=== DESCRIPTION OF THE TASK ===
In the listing below, the answer starts at the line that has "Lemma trap_local_structure u" and stops after the line that has "move=> euc; case: (eqVneq"; please repeat that part exactly and nothing more.

=== SUPPLIED DATA ===
════════════════════

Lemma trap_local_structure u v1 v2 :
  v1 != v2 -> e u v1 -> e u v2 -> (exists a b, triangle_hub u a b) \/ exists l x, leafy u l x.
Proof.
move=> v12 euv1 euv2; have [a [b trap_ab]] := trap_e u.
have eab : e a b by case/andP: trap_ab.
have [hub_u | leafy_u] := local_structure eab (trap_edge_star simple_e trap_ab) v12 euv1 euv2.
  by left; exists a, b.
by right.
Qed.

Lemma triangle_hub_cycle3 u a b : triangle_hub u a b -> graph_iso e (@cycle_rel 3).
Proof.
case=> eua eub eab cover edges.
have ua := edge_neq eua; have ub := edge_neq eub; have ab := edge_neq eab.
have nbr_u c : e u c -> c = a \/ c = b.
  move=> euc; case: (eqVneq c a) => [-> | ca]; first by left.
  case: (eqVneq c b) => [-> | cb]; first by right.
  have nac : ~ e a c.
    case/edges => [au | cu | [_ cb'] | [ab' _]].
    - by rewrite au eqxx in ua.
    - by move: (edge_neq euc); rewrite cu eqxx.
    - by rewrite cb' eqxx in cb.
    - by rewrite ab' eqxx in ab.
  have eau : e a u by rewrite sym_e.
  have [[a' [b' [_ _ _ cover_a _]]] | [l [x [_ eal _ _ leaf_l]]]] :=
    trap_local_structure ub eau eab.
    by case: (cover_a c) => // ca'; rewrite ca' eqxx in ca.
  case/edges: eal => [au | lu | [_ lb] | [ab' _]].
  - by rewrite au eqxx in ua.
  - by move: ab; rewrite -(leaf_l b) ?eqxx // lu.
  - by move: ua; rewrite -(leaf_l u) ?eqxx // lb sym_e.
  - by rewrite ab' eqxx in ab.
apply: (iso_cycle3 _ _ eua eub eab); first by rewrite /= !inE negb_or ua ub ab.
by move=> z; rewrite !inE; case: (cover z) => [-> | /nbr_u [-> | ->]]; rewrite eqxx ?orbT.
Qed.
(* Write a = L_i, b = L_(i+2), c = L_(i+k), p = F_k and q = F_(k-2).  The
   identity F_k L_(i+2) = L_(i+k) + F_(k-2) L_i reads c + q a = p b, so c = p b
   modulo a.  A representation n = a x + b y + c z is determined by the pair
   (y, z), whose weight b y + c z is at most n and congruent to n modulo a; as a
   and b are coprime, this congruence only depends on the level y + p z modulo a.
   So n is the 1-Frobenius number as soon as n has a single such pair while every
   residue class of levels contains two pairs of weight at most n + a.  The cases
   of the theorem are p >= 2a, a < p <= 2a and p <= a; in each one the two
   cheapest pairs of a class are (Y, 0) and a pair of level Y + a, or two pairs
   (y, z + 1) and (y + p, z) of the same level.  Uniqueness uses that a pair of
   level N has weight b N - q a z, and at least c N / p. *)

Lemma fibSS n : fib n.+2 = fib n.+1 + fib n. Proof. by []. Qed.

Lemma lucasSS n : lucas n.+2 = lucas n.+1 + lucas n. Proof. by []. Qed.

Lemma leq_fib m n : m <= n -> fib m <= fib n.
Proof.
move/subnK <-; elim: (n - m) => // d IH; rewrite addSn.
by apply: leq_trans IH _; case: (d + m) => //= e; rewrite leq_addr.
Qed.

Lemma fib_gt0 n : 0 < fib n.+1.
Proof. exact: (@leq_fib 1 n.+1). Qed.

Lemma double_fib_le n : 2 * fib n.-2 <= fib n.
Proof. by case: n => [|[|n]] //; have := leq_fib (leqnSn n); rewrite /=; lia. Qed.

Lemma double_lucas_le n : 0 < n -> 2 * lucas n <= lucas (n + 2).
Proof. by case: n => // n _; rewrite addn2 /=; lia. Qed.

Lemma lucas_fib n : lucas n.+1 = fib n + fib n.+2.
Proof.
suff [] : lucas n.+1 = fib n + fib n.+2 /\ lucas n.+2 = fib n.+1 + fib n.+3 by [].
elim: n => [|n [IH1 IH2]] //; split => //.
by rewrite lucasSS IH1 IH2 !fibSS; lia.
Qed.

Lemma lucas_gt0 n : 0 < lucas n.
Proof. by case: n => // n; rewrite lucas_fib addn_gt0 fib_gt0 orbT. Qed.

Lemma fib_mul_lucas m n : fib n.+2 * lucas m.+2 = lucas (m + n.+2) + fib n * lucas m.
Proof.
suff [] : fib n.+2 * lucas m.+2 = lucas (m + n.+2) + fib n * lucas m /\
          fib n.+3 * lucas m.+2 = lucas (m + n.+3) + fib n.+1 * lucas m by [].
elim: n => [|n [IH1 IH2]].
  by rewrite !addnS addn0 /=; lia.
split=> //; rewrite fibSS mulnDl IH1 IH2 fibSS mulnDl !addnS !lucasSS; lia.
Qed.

════════════════════

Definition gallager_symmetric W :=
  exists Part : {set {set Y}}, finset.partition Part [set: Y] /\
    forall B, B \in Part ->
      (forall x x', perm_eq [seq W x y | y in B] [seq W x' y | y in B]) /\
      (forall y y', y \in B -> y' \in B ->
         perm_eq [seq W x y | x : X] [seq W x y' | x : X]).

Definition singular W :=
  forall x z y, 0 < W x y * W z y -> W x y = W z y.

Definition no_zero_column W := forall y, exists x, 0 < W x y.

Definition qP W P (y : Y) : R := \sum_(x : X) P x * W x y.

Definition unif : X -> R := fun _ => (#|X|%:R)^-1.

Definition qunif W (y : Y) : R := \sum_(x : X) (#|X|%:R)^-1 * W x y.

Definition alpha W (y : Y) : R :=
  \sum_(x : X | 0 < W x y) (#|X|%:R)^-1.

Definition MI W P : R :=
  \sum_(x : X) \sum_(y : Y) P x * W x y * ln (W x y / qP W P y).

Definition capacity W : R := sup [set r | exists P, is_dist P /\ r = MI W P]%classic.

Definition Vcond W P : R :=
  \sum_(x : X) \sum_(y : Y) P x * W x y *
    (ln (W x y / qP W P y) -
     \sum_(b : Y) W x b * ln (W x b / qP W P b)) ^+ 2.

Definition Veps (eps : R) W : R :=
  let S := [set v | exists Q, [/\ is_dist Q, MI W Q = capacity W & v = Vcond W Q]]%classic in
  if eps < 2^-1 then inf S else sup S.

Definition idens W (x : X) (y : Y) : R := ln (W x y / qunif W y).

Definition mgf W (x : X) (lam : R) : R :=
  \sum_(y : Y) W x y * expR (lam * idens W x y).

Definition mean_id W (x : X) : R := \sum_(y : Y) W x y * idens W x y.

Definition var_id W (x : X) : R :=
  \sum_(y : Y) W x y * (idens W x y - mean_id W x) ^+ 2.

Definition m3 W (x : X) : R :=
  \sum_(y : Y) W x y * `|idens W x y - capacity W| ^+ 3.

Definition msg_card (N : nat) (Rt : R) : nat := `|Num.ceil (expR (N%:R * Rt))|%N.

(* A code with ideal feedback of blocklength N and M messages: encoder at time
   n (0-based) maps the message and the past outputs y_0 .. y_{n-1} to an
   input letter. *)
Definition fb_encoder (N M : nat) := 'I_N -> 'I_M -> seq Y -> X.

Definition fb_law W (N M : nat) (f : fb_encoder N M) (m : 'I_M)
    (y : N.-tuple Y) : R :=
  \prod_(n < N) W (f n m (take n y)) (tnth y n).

════════════════════

=== RESPONSE TO THE EXERCISE ===
Lemma trap_local_structure u v1 v2 :
  v1 != v2 -> e u v1 -> e u v2 -> (exists a b, triangle_hub u a b) \/ exists l x, leafy u l x.
Proof.
move=> v12 euv1 euv2; have [a [b trap_ab]] := trap_e u.
have eab : e a b by case/andP: trap_ab.
have [hub_u | leafy_u] := local_structure eab (trap_edge_star simple_e trap_ab) v12 euv1 euv2.
  by left; exists a, b.
by right.
Qed.

Lemma triangle_hub_cycle3 u a b : triangle_hub u a b -> graph_iso e (@cycle_rel 3).
Proof.
case=> eua eub eab cover edges.
have ua := edge_neq eua; have ub := edge_neq eub; have ab := edge_neq eab.
have nbr_u c : e u c -> c = a \/ c = b.
  move=> euc; case: (eqVneq c a) => [-> | ca]; first by left.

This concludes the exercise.